While we can determine the average mass with CDMS, ECCR, or mass photometry of the full charge state distribution, more detailed information on the different glycoforms present can be obtained using narrow window isolations and ECCR across the unresolved region, enabling better resolution of the different glycoforms (Figure 5). Three narrow window isolations across the unresolved charge state distribution, followed by ECCR, give results illustrated in Figures 5G and H. ECCR of the narrow window isolation shows well resolved peaks that can easily be deconvolved to gain more accurate mass measurements. Within each m/z selection window, 3–6 different mass species are observed (Figure 5F, I), reflecting the heterogeneity of the VFLIP glycosylation. For a protein complex with a lower total glycosylation mass, e.g., thyroglobulin, each m/z selection window results in a less complex distribution of glycoforms (see Figure S4) and narrow m/z selection windows reveal glycoforms.
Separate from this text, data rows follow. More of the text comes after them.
(* Let $\hat\alpha\in\{-2,-3,\dots\}$ and let $\mathcal F=(F_1,F_2)$ be a pair of finite sets of positive integers satisfying $\{0,1,\dots,-\hat\alpha-1\}\subset F_1\cup(-\hat\alpha-1-F_2)$, and assume that $\hat c=\hat\alpha+1$ and $\mathcal F$ are admissible (i.e. $\prod_{h\in\mathcal H}(x-h)\ge0$ for all $x\in\mathbb N\setminus F_1$). Then $\hat\alpha+s_{\mathcal F}\ne-1$, and: (1) if $\hat\alpha+s_{\mathcal F}\le-2$, then $\hat c'=\hat\alpha+1+s_{\mathcal F}$ and $\mathcal F_\Downarrow=(F'_1,F'_2)$ satisfy $\{0,1,\dots,-\hat c'\}\subset F'_1\cup(-\hat c'-F'_2)$ and are admissible in the same sense; (2) if $\hat\alpha+s_{\mathcal F}\ge0$, then $d=\hat\alpha+1+s_{\mathcal F}$ and $\mathcal F_\Downarrow=(F'_1,F'_2)$ are admissible in the sense that $\prod_{f\in F'_1}(x-f)\prod_{f\in F'_2}(x+d+f)\Gamma(x+d)\ge0$ for all $x\in\mathbb N$.
   Context: $\mathbb N=\{0,1,\dots\}$; $t-F=\{t-f:f\in F\}$. For $\hat c\in\{0,-1,\dots\}$ and pair $(F_1,F_2)$: $\mathcal H=[(F_1\cup(-\hat c-F_2))\setminus\{0,\dots,-\hat c\}]\cup[F_1\cap(-\hat c-F_2)]$. For a finite set $F=\{f_1<\dots<f_{n_F}\}$ of positive integers: $s_F=1$ if $F=\emptyset$; $s_F=n_F+1$ if $F=\{1,\dots,n_F\}$; otherwise $s_F=\min\{s\ge1:s<f_s\}$. $F_\Downarrow=\emptyset$ if $F=\emptyset$ or $F=\{1,\dots,n_F\}$; otherwise $F_\Downarrow=\{f_{s_F}-s_F,\dots,f_{n_F}-s_F\}$. For a pair, $s_{\mathcal F}=s_{F_1}$ and $\mathcal F_\Downarrow=((F_1)_\Downarrow,F_2)$. *)

From mathcomp Require Import all_boot all_order all_algebra.
Set Implicit Arguments. Unset Strict Implicit. Unset Printing Implicit Defensive.
Import Order.TTheory GRing.Theory Num.Theory.
Local Open Scope ring_scope.

(* Finite sets of positive integers are represented by duplicate-free
   sequences of nats (order irrelevant); [sort leq F] is the increasing
   enumeration f_1 < ... < f_n. *)

Definition shiftneg (t : int) (F : seq nat) : seq int := [seq t - f%:Z | f <- F].

(* the set H attached to c and (F1,F2):
   [(F1 ∪ (-c-F2)) \ {0,..,-c}] ∪ [F1 ∩ (-c-F2)]  (a set: duplicates removed) *)
Definition Hset (c : int) (F1 F2 : seq nat) : seq int :=
  let A := [seq f%:Z | f <- F1] in
  let B := shiftneg (- c) F2 in
  undup [seq h <- A ++ B |
          ((h \in A) || (h \in B)) && ~~ ((0 <= h) && (h <= - c))
          || ((h \in A) && (h \in B))].

Definition covers (c : int) (F1 F2 : seq nat) : Prop :=
  forall k : int, 0 <= k <= - c ->
    (k \in [seq f%:Z | f <- F1]) || (k \in shiftneg (- c) F2).

Definition admissible (c : int) (F1 F2 : seq nat) : Prop :=
  forall x : nat, x \notin F1 -> 0 <= \prod_(h <- Hset c F1 F2) (x%:Z - h).

Definition sF (F : seq nat) : nat :=
  let srt := sort leq F in
  let n := size srt in
  if srt == iota 1 n then n.+1
  else (find (fun i => i.+1 < nth 0 srt i)%N (iota 0 n)).+1.

Definition Fdown (F : seq nat) : seq nat :=
  let srt := sort leq F in
  let n := size srt in
  if srt == iota 1 n then [::]
  else [seq (f - sF F)%N | f <- drop (sF F).-1 srt].

(* Euler's Gamma function at a positive integer n: Γ(n) = (n-1)!.
   Only used at positive integer arguments. *)
Definition Gamma_posint (n : nat) : int := ((n.-1)`!)%:Z.

From mathcomp Require Import all_boot all_order all_algebra zify.
Import Order.TTheory GRing.Theory Num.Theory.

(* Put c = alpha + 1, m = -c >= 1 and s = s_{F1}.
   1. Combinatorics of s_F (lemma sF_split): a finite set F of positive
      integers splits as {1,...,s-1} ⊔ D with every element of D larger
      than s, and F⇓ = D - s.  Hence 1,...,s-1 ∈ F, s ∉ F and
      f ∈ F⇓ <-> f + s ∈ F.
   2. s <> m, since otherwise covering {0,...,m} at s forces 0 ∈ F2.
   3. If s < m, the covering for c + s is the covering for c shifted by -s
      (covers_down), and the new set H' equals (H ∪ {0}) - s (Hset_down);
      so for x ∉ F1⇓ the product over H' is (x+s) ∏_H (x+s-h) >= 0, by
      admissibility of c at x + s ∉ F1 (admissible_down).
   4. If s > m, the elements of H that are >= s are exactly F1⇓ + s
      (Hset_above), and the remaining ones give positive factors at x + s;
      admissibility at x + s then yields ∏_{F1⇓}(x - f) >= 0
      (prod_Fdown_ge0). *)

Lemma sorted_pos_nth_gt {t : seq nat} :
  sorted ltn t -> 0 \notin t -> forall i, i < size t -> i < nth 0 t i.
Proof.
move=> st t0; elim=> [|i IH] lt_it.
  by rewrite lt0n; apply: contra t0 => /eqP <-; rewrite mem_nth.
have := sorted_ltn_nth ltn_trans 0 st i i.+1 (ltnW lt_it) lt_it (ltnSn i).
by have := IH (ltnW lt_it); lia.
Qed.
Overlaying the deconvolved mass peaks from multiple narrow window isolations for the spike protein (e.g., three shown in Fig. 5I) reconstructs the original, unresolved VFLIP mass distribution, providing a global glycan profile. This method of narrow-window m/z selection coupled to ECCR could be utilized as a quick screen for glycan complexity under different expression conditions for therapeutic proteins or various variants of concern in infectious diseases and could be coupled with in-depth glycoproteomics studies (top down or bottom up) when the variable identities at each glycosylation site are required.

CONCLUSIONS

In this study, a prototype device combining ion-electron reactions and surface induced dissociation was developed and incorporated into a commercial ultra-high mass range Q-Orbitrap mass spectrometer for the characterization of native protein complexes. The new device enabled efficient and tunable gas-phase electron capture charge reduction (ECCR) as demonstrated for GroEL by enabling detection of 8+ tetradecamer and pentadecamer at greater than 100,000 m/z. Furthermore, we demonstrated that gas-phase charge reduction produces charge states that give native-like surface induced dissociation fragments for C-reactive protein and GroEL. Additionally, ECCR yields mass spectra that enable mass determination and better resolved heterogeneity in the glycoproteins stabilized VFLIP spike and thyroglobulin. This rapid and tunable gas-phase charge reduction technique is complementary to charge detection mass spectrometry techniques for very large and heterogeneous biomolecular assemblies and is expected to enhance future MS-based structural biology approaches. Work is in progress that applies this approach to SARS-CoV-2 spike proteins from multiple variants of concern and to other structural biology problems.